Цена империи. На начинающего Бог (СИ) - Тарханов Влад
— Михаил Николаевич, в последней фразе я услышал некую иронию. Или я ошибаюсь? — Обручев посмотрел меня настороженно. Я никогда ранее не позволял себе иронизировать по поводу армейских дел и, тем более, армейской доблести.
— Да нет, правы вы, правы. Скажу честно, чем я озабочен. Вы уже в курсе того, что получен бездымный порох и над ним идут работы по усовершенствованию. Пока что первые результаты. Но… Даже на винтовке Бердана мы получаем результат прицельной стрельбы около километра. Более тысячи шагов, куда как более! В новой войне приказ «Стоять и умирать» будет считаться не доблестью, а преступлением. Плотность только ружейного огня перевернет наше представление о войне как таковой. А наши генералы готовы к предыдущей войне. Н-да. И нам предстоит все это болото…

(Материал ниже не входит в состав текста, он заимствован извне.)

(* Let $n\ge1$, let $T=(T_{ii'jj'kk'})\in(\mathbb C^n)^{\otimes6}$ be nonzero and Hermitian when viewed as an operator on $\mathbb C^{n^3}$ (rows indexed by $(i,j,k)$, columns by $(i',j',k')$). Let $\mathcal S=\{P_1,\dots,P_{n^2}\}$ be a basis of $M_n$, orthogonal for the Hilbert–Schmidt inner product, consisting of Hermitian matrices with $P^2=\mathrm{Id}$. For $P,Q,R\in\mathcal S$ put $G_{P,Q,R}=\sum T_{ii'jj'kk'}\overline{P_{ii'}Q_{jj'}R_{kk'}}\in\mathbb R$ and $Z=\sum_{P,Q,R}|G_{P,Q,R}|$, and assume $Z>0$. Let $G$ be the three-player XOR game in which the triple $(P,Q,R)$ is asked with probability $|G_{P,Q,R}|/Z$ and the answers are accepted iff their parity matches the sign of $G_{P,Q,R}$. Then $\beta(G)\le Z^{-1}n^{9/2}\|T\|_{3,\epsilon}$ and $\beta^*(G)\ge Z^{-1}n^3\|T\|_{2,\epsilon}$; in particular $\beta^*(G)\ge n^{-3/2}\frac{\|T\|_{2,\epsilon}}{\|T\|_{3,\epsilon}}\beta(G)$.
   Context: $\|T\|_{2,\epsilon}$ is the operator norm of $T$ viewed as an operator on $\mathbb C^{n^3}$ (equivalently the injective norm of $T\in\mathbb C^{n^3}\otimes\mathbb C^{n^3}$). $\|T\|_{3,\epsilon}=\sup|\sum T_{ii'jj'kk'}U_{ii'}V_{jj'}W_{kk'}|$ over $U,V,W\in\mathbb C^{n^2}$ of Euclidean norm at most $1$ (the injective norm of $T\in\mathbb C^{n^2}\otimes\mathbb C^{n^2}\otimes\mathbb C^{n^2}$). For a three-player XOR game with question distribution $\pi(x,y,z)$ and target signs $s_{xyz}\in\{\pm1\}$, the classical bias is $\beta(G)=\max_{a_x,b_y,c_z\in\{\pm1\}}|\sum\pi(x,y,z)s_{xyz}a_xb_yc_z|$ and the entangled bias is $\beta^*(G)=\sup|\sum\pi(x,y,z)s_{xyz}\langle\psi|A_x\otimes B_y\otimes C_z|\psi\rangle|$ over all $d$, unit $|\psi\rangle\in(\mathbb C^d)^{\otimes3}$ and Hermitian $A_x,B_y,C_z\in M_d$ squaring to the identity (observables). *)

From Stdlib Require Import Reals.
Open Scope R_scope.
(* Let $l\in\mathbb N_0$ and assume $x_1^{2l+1}\ne0$, $x_2^2\ne0$, $y_{l+1}\ne0$ in $\mathfrak B(V)$, and that $y_{l+1}y_l$ lies in the linear span of $\{y_ry_s:0\le r\le s\}$. Then $q_{11}^{l(l+1)}\widetilde q_{12}^{\,l+1}q_{22}=1$ and $y_{l+1}y_l=q_{11}^{l(l+1)}q_{12}^{l+1}q_{21}^{l}q_{22}\,y_ly_{l+1}$.
   Context: $\Bbbk$ algebraically closed of characteristic $0$. $V$ is braided of diagonal type with basis $x_1,x_2$, $c(x_i\otimes x_j)=q_{ij}x_j\otimes x_i$, $q_{ij}\in\Bbbk^\times$, $q_{ii}\ne1$, $\widetilde q_{12}=q_{12}q_{21}$; $\mathfrak B(V)$ is its Nichols algebra. $y_0=x_2$, $y_{k+1}=x_1y_k-q_{11}^kq_{12}y_kx_1$ (i.e. $y_k=(\mathrm{ad}_cx_1)^kx_2$). *)

(* Rank-2 braided vector space of diagonal type, tensor
   algebra T(V) as formal linear combinations of words, Nichols algebra
   B(V) = T(V) / (direct sum of ker Omega_n), Omega_n the quantum symmetrizer. *)
From HB Require Import structures.
From mathcomp Require Import all_boot all_order all_algebra.
Set Implicit Arguments. Unset Strict Implicit. Unset Printing Implicit Defensive.
Import Order.TTheory GRing.Theory Num.Theory.
Local Open Scope ring_scope.

(* letters: x_1 is index i1, x_2 is index i2 *)
Definition i1 : 'I_2 := @Ordinal 2 0 isT.
Definition i2 : 'I_2 := @Ordinal 2 1 isT.

Definition word := seq 'I_2.

Section Tens.
Variable K : fieldType.

(* an element of T(V): a formal (finite) linear combination of words *)
Definition tens := seq (K * word).

Definition tcoef (u : tens) (w : word) : K := \sum_(t <- u | t.2 == w) t.1.
Definition tadd (u v : tens) : tens := u ++ v.
Definition tscale (a : K) (u : tens) : tens := [seq (a * t.1, t.2) | t <- u].
Definition tsub (u v : tens) : tens := tadd u (tscale (-1) v).
Definition tmul (u v : tens) : tens :=
  [seq (s.1 * t.1, s.2 ++ t.2) | s <- u, t <- v].
Definition tletter (i : 'I_2) : tens := [:: (1, [:: i])].
Definition tpow (i : 'I_2) (n : nat) : tens := [:: (1, nseq n i)].
Definition tsum (s : seq tens) : tens := flatten s.

Variable q : 'I_2 -> 'I_2 -> K.   (* braiding matrix: c(x_i (x) x_j) = q i j x_j (x) x_i *)

Fixpoint ygen (k : nat) : tens :=
  match k with
  | 0 => tletter i2
  | k'.+1 => tsub (tmul (tletter i1) (ygen k'))
                  (tscale (q i1 i1 ^+ k' * q i1 i2) (tmul (ygen k') (tletter i1)))
  end.

Definition remove_at (j : nat) (w : word) : word := take j w ++ drop j.+1 w.

(* braiding factor for moving the letter at position j of w to the end *)
Definition move_fac (j : nat) (w : word) : K :=
  \prod_(b <- drop j.+1 w) q (nth i1 w j) b.

(* quantum symmetrizer, via Omega_n = (Omega_{n-1} (x) id)(1 + c_{n-1} + ... + c_{n-1}...c_1) *)
Fixpoint omega_fuel (n : nat) (w : word) : tens :=
  match n with
  | 0 => [:: (1, [::])]
  | n'.+1 => tsum [seq tscale (move_fac j w)
                       (tmul (omega_fuel n' (remove_at j w)) (tletter (nth i1 w j)))
                  | j <- iota 0 (size w)]
  end.

Definition omega_word (w : word) : tens := omega_fuel (size w) w.

Definition omega (u : tens) : tens :=
  tsum [seq tscale t.1 (omega_word t.2) | t <- u].

(* u = 0 in the Nichols algebra B(V) *)
Definition zeroB (u : tens) : Prop := forall w, tcoef (omega u) w = 0.
Definition eqB (u v : tens) : Prop := zeroB (tsub u v).

End Tens.

From HB Require Import structures.
From mathcomp Require Import all_boot all_order all_algebra zify ring.
Set Implicit Arguments. Unset Strict Implicit. Unset Printing Implicit Defensive.
Import GRing.Theory.
Local Open Scope ring_scope.

(* The coefficient of a word in [Omega u] is computed by transposed skew
   derivations: [omega_coef (rcons v i) = der i (omega_coef v)], and these act on
   the [y_k] by explicit scalars ([d_1 y_k = 0], [d_2 y_k = ycoef k x_1^k]).
   Pairing the assumed relation with the words [x_1^(n-j) x_2 x_1^j x_2],
   [n = 2l+1], [j <= n], yields a triangular linear system in its coefficients.
   Taking [j = n - r] shows that for [r < l] either the coefficient of
   [y_r y_(n-r)] vanishes or [y_(n-r)] (hence [y_r y_(n-r)]) is zero in [B(V)];
   then [j = l+1] computes the coefficient of [y_l y_(l+1)] and [j = 0] gives
   the constraint on the braiding. *)

(** * Pairing tensors with functions on words *)

Section Pairing.
Variable K : fieldType.
Implicit Types (g h : word -> K) (u v : tens K).

Definition teval g u : K := \sum_(t <- u) t.1 * g t.2.

Lemma eq_teval g h u : g =1 h -> teval g u = teval h u.
Proof. by move=> gh; apply: eq_bigr => t _; rewrite gh. Qed.

Lemma tcoef_teval u w : tcoef u w = teval (fun w' => (w' == w)%:R) u.
Proof.
rewrite /tcoef /teval big_mkcond; apply: eq_bigr => t _.
by case: eqP; rewrite ?mulr1 ?mulr0.
Qed.

Lemma teval_add g u v : teval g (tadd u v) = teval g u + teval g v.
Proof. exact: big_cat. Qed.

Lemma teval_scale g a u : teval g (tscale a u) = a * teval g u.
Proof. by rewrite /teval big_map big_distrr; apply: eq_bigr => t _ /=; rewrite mulrA. Qed.

Lemma teval_sub g u v : teval g (tsub u v) = teval g u - teval g v.
Proof. by rewrite teval_add teval_scale mulN1r. Qed.

Lemma teval_mul g u v :
  teval g (tmul u v) = teval (fun a => teval (fun b => g (a ++ b)) v) u.
Proof.
rewrite /teval big_allpairs_dep; apply: eq_bigr => s _.
by rewrite big_distrr; apply: eq_bigr => t _ /=; rewrite mulrA.
Qed.

Lemma teval_tsum g (s : seq (tens K)) : teval g (tsum s) = \sum_(u <- s) teval g u.
Proof.
elim: s => [|u s IH]; first by rewrite /teval !big_nil.
by rewrite big_cons -IH -teval_add.
Qed.

Lemma teval_letter g i : teval g (tletter K i) = g [:: i].
Proof. by rewrite /teval big_seq1 mul1r. Qed.
Lemma eq_complete_minus_clique_card (T : finType) (M : {set T}) (bB : {set {set T}}) :
  (forall E, E \in bB -> #|E| = 2) -> (forall E, E \in bB -> ~~ (E \subset M)) ->
  #|bB| = 'C(#|T|, 2) - 'C(#|M|, 2) -> bB = complete_minus_clique M.
Proof.
move=> pairs outM cardB; apply/eqP.
rewrite eqEcard card_complete_minus_clique cardB leqnn andbT.
by apply/subsetP=> E EB; rewrite inE pairs ?outM.
Qed.

Lemma ambiguous3_complete_minus_clique (h : nat) (bB : {set {set 'I_3}}) :
  is_molecule 3 h bB -> ambiguous (molecule_rel h bB) 3 ->
  exists2 M : {set 'I_3}, #|M| = h & bB = complete_minus_clique M.
Proof.
move=> mol /(ambiguous_moleculeP mol)[B premB neqB].
have [M [cardM indep join clique]] := premolecule_off_base premB neqB.
have [_ h_gt0 pairs _] := mol.
exists M => //; apply: edges_rel_inj => // [E|i j]; first by rewrite inE => /andP[/eqP].
rewrite edges_complete_minus_clique.
have [<-|neq_ij] := eqVneq i j; first by rewrite /edges_rel /= eqxx.
case iM: (i \in M); case jM: (j \in M) => /=.
- by apply/negbTE/indep.
- by apply: join; rewrite ?inE ?jM.
- by rewrite edges_rel_sym; apply: join; rewrite ?inE ?iM.
have ijC : [set i; j] \subset ~: M by rewrite subUset !sub1set !inE iM jM.
have := subset_leq_card ijC; rewrite cards2 neq_ij cardsCs setCK card_ord cardM.
move=> card_ge; apply: clique; rewrite ?inE ?iM ?jM //; lia.
Qed.

Section CliqueSwap.

Variables (k h : nat) (g : 'I_h -> 'I_k).
Hypothesis g_inj : injective g.

Local Notation M := (g @: [set: 'I_h]).

Definition clique_swap (x : 'I_k + 'I_h) : 'I_k + 'I_h :=
  match x with
  | inl i => if [pick j | g j == i] is Some j then inr j else inl i
  | inr j => inl (g j)
  end.

Variant clique_swap_inl_spec (i : 'I_k) : 'I_k + 'I_h -> bool -> Type :=
  | CliqueSwapIn j of i = g j : clique_swap_inl_spec i (inr j) true
  | CliqueSwapOut of i \notin M : clique_swap_inl_spec i (inl i) false.

Lemma clique_swap_inlP (i : 'I_k) : clique_swap_inl_spec i (clique_swap (inl i)) (i \in M).
Proof.
rewrite /=; case: pickP => [j /eqP gj|no_j].
  by rewrite -gj imset_f //; constructor.
have iM : i \notin M by apply/imsetP=> -[j _ ij]; have := no_j j; rewrite ij eqxx.
by rewrite (negbTE iM); constructor.
Qed.

Lemma clique_swap_g (j : 'I_h) : clique_swap (inl (g j)) = inr j.
Proof.
by case: clique_swap_inlP => [j' /g_inj-> //|]; rewrite imset_f.
Qed.

Lemma clique_swapK : involutive clique_swap.
Proof.
case=> [i|j]; last exact: clique_swap_g.
case: (clique_swap_inlP i) => [j ->|]; first by [].
by case: (clique_swap_inlP i).
Qed.

(* [None] marks the clique [~: M], [Some true] the co-clique [M] and
   [Some false] the [h] vertices outside [B_k]; clique_swap exchanges the last two. *)
Definition clique_swap_class (x : 'I_k + 'I_h) : option bool :=
  if x is inl i then (if i \in M then Some true else None) else Some false.

Lemma molecule_rel_complete_minus_clique (x y : 'I_k + 'I_h) :
  molecule_rel h (complete_minus_clique M) x y =
  (x != y) && ((clique_swap_class x == None)
               || (clique_swap_class x != clique_swap_class y)).
Proof.
case: x y => [i|a] [j|b] /=.
- rewrite edges_complete_minus_clique (inj_eq inl_inj).
  by case: (i \in M); case: (j \in M); rewrite ?andbT ?andbF.
- by case: (i \in M).
- by case: (j \in M).
- by rewrite andbF.
Qed.

Lemma clique_swap_classE (x : 'I_k + 'I_h) :
  clique_swap_class (clique_swap x) = omap negb (clique_swap_class x).
Proof.
case: x => [i|j]; last by rewrite /= imset_f.
by rewrite [in RHS]/=; case: (clique_swap_inlP i) => //= iM; rewrite (negbTE iM).
Qed.

Lemma clique_swap_automorphism (x y : 'I_k + 'I_h) :
  molecule_rel h (complete_minus_clique M) (clique_swap x) (clique_swap y) =
  molecule_rel h (complete_minus_clique M) x y.
Proof.
rewrite !molecule_rel_complete_minus_clique (inj_eq (inv_inj clique_swapK)).
rewrite !clique_swap_classE.
by case: (clique_swap_class x) (clique_swap_class y) => [[]|] [[]|].
Qed.

Lemma complete_minus_clique_ambiguous (bB : {set {set 'I_k}}) :
  is_molecule k h bB -> bB = complete_minus_clique M -> ambiguous (molecule_rel h bB) k.
Proof.
move=> mol bB_def; have [_ h_gt0 _ _] := mol.
apply/(ambiguous_moleculeP mol); exists (clique_swap @: molecule_base k h).
  apply: premolecule_automorphism (premolecule_base mol) (inv_bij clique_swapK) _.
  by rewrite bB_def; apply: clique_swap_automorphism.
apply/negP=> /eqP base_fixed; pose j0 := Ordinal h_gt0.
have : inr j0 \in clique_swap @: molecule_base k h.
  by rewrite -clique_swap_g; apply/imset_f/imset_f.
by rewrite base_fixed => /imsetP[].
Qed.

End CliqueSwap.

Lemma imset_enum_val (T : finType) (A : {set T}) :
  [set enum_val i | i in [set: 'I_#|A|]] = A.
Proof.
apply/setP=> x; apply/imsetP/idP=> [[i _ ->]|xA]; first exact: enum_valP.
by exists (enum_rank_in xA x); rewrite ?in_setT ?enum_rankK_in.
Qed.

Lemma ambiguous_of_complete_minus_clique (k h : nat) (bB : {set {set 'I_k}})
    (M : {set 'I_k}) :
  is_molecule k h bB -> #|M| = h -> bB = complete_minus_clique M ->
  ambiguous (molecule_rel h bB) k.
Proof.
move=> mol cardM bB_def; subst h; rewrite -(imset_enum_val M) in bB_def.
exact: (complete_minus_clique_ambiguous (@enum_val_inj _ (mem M)) mol bB_def).
Qed.

Lemma complete_minus_clique3P (h : nat) (bB : {set {set 'I_3}}) :
  1 <= h -> (forall E, E \in bB -> #|E| = 2) ->
  (exists2 M : {set 'I_3}, #|M| = h & bB = complete_minus_clique M) <->
  [\/ #|bB| = 3 /\ h = 1, #|bB| = 2 /\ h = 2 | #|bB| = 0 /\ h = 3].
Proof.
move=> h_gt0 pairs; split.
  case=> M cardM ->; rewrite card_complete_minus_clique card_ord cardM.
  have := max_card M; rewrite card_ord cardM.
  by case: h h_gt0 {cardM} => [|[|[|[|]]]] // _ _; [apply: Or31 | apply: Or32 | apply: Or33].
case=> [[cardB ->]|[cardB ->]|[cardB ->]].
- exists [set ord0]; first exact: cards1.
  apply: eq_complete_minus_clique_card; rewrite ?cards1 ?card_ord //.
  by move=> E /pairs cardE; apply/negP=> /subset_leq_card; rewrite cards1 cardE.
- have sub_pairs : bB \subset [set E : {set 'I_3} | #|E| == 2].
    by apply/subsetP=> E /pairs cardE; rewrite inE cardE.
  have /cards1P[P missing] : #|[set E : {set 'I_3} | #|E| == 2] :\: bB| == 1.
    by rewrite cardsDS // card_draws card_ord cardB.
  have /setDP[] : P \in [set E : {set 'I_3} | #|E| == 2] :\: bB by rewrite missing set11.
  rewrite inE => /eqP cardP PnotB; exists P => //.
  apply: eq_complete_minus_clique_card; rewrite ?cardP ?card_ord ?cardB //.
  move=> E EB; apply: contra PnotB => sub_EP.
  suff <- : E = P by [].
  by apply/eqP; rewrite eqEcard sub_EP cardP pairs.
- exists setT; first by rewrite cardsT card_ord.
  rewrite (cards0_eq cardB).
  by apply: eq_complete_minus_clique_card => [E|E|]; rewrite ?inE ?cards0 ?cardsT ?card_ord.
Qed.

Theorem mainTheorem6 (h : nat) (bB : {set {set 'I_3}}) :
  is_molecule 3 h bB ->
  (ambiguous (molecule_rel h bB) 3 <->
     [\/ #|bB| = 3 /\ h = 1, #|bB| = 2 /\ h = 2 | #|bB| = 0 /\ h = 3]).
Proof.
move=> mol; have [_ h_gt0 pairs _] := mol.
rewrite -(complete_minus_clique3P h_gt0 pairs); split.
- exact: ambiguous3_complete_minus_clique.
- by case=> M; apply: ambiguous_of_complete_minus_clique.
Qed.
(* In the one-shot wage theft problem described in the context, suppose $C'(0)<Py_H-Py_L$ and let $a^*$ be an optimal effort level (a maximizer of $g$ on $[0,1)$). Then every optimal solution of the problem with effort level $a^*$ has promised wages $w_i^*(a^* )$ and wage thefts $b_i^*(a^* )$, $i\in\{H,L\}$; i.e. these are the unique optimal wages and wage thefts.
   Context: Fix $P>0$, $y_H>y_L\ge 0$, a real number $u$ (reservation utility) and $\gamma\in(0,1]$ (inspection probability). Let $C:[0,1)\to\mathbb{R}$ be the worker's effort cost: $C(0)=0$, $C$ increasing, strictly convex, twice differentiable, $C(a)\to\infty$ as $a\to1$. Let $\eta:[0,\infty)\to\mathbb{R}$ be the penalty: strictly convex, increasing, twice differentiable, $\eta(0)=0$. The one-shot wage theft problem is: choose $a,w_H,w_L,b_H,b_L$ to maximize $a\,(Py_H-w_H+b_H-\gamma\eta(b_H))+(1-a)\,(Py_L-w_L+b_L-\gamma\eta(b_L))$ subject to $a\in\arg\max_{a'\in[0,1)}\{a'w_H+(1-a')w_L-C(a')\}$; $a w_H+(1-a)w_L-C(a)\ge u$; $w_H,w_L\ge0$; $0\le b_L\le w_L$, $0\le b_H\le w_H$; $a\in[0,1)$. Let $\beta\ge0$ satisfy $\gamma\eta'(\beta)=1$ (assumed to exist). For $a\in[0,1)$ define $w_L^*(a)=\max\{0,u-aC'(a)+C(a)\}$, $w_H^*(a)=w_L^*(a)+C'(a)$, $b_i^*(a)=\min\{\beta,w_i^*(a)\}$, and $g(a)=a\,(Py_H-w_H^*(a)+b_H^*(a)-\gamma\eta(b_H^*(a)))+(1-a)\,(Py_L-w_L^*(a)+b_L^*(a)-\gamma\eta(b_L^*(a)))$; optimal effort levels are the maximizers of $g$ on $[0,1)$. *)

From Stdlib Require Import Reals.
Open Scope R_scope.

(* f' is the derivative of f on the set D, taken within D
   (so one-sided at boundary points of D such as 0). *)
Definition is_deriv_on (f f' : R -> R) (D : R -> Prop) : Prop :=
  forall x, D x ->
    limit1_in (fun y => (f y - f x) / (y - x)) (fun y => D y /\ y <> x) (f' x) x.

Definition strictly_convex_on (f : R -> R) (D : R -> Prop) : Prop :=
  forall x y t, D x -> D y -> x <> y -> 0 < t < 1 ->
    f (t * x + (1 - t) * y) < t * f x + (1 - t) * f y.

Definition increasing_on (f : R -> R) (D : R -> Prop) : Prop :=
  forall x y, D x -> D y -> x <= y -> f x <= f y.

Definition unit_int (a : R) : Prop := 0 <= a < 1.
Definition nonneg_half_line (x : R) : Prop := 0 <= x.

Definition tends_to_infty_at_1 (C : R -> R) : Prop :=
  forall M, exists d, 0 < d /\ forall a, unit_int a -> 1 - d < a -> M < C a.

Definition state_profit (P y gamma : R) (eta : R -> R) (w b : R) : R :=
  P * y - w + b - gamma * eta b.

Definition objective (P yH yL gamma : R) (eta : R -> R)
  (a wH wL bH bL : R) : R :=
  a * state_profit P yH gamma eta wH bH
  + (1 - a) * state_profit P yL gamma eta wL bL.

Definition worker_utility (C : R -> R) (wH wL a : R) : R :=
  a * wH + (1 - a) * wL - C a.

Definition feasible (u : R) (C : R -> R) (a wH wL bH bL : R) : Prop :=
  unit_int a /\
  (forall a', unit_int a' -> worker_utility C wH wL a' <= worker_utility C wH wL a) /\
  u <= worker_utility C wH wL a /\
  0 <= wH /\ 0 <= wL /\
  0 <= bL <= wL /\ 0 <= bH <= wH.

Definition optimal_solution (P yH yL u gamma : R) (C eta : R -> R)
  (a wH wL bH bL : R) : Prop :=
  feasible u C a wH wL bH bL /\
  forall a' wH' wL' bH' bL', feasible u C a' wH' wL' bH' bL' ->
    objective P yH yL gamma eta a' wH' wL' bH' bL'
    <= objective P yH yL gamma eta a wH wL bH bL.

— Государь, вы ставите серьезные задачи, а говорите столь уверенно, как будто видите эти войны будущего. И вам не страшно?
— Честно говоря, Николай Николаевич, страшно. Очень страшно. Но… Как и положено артиллеристу — главное, увидеть цель, а поразить ее уж найдем как. Простите, отвлекся. Так вот, структуру Генерального штаба я вижу так: четыре управления. Первое — Оперативное. Второе — Организационно-мобилизационное. Третье — Военных Сообщений, и четвертое — Аналитическое, в него кроме Статистического, будет входить и Главное Разведывательное Управление, о его структуре и функциях мы уже с вами говорили. Отдельно надо выделить Научно-уставной отдел.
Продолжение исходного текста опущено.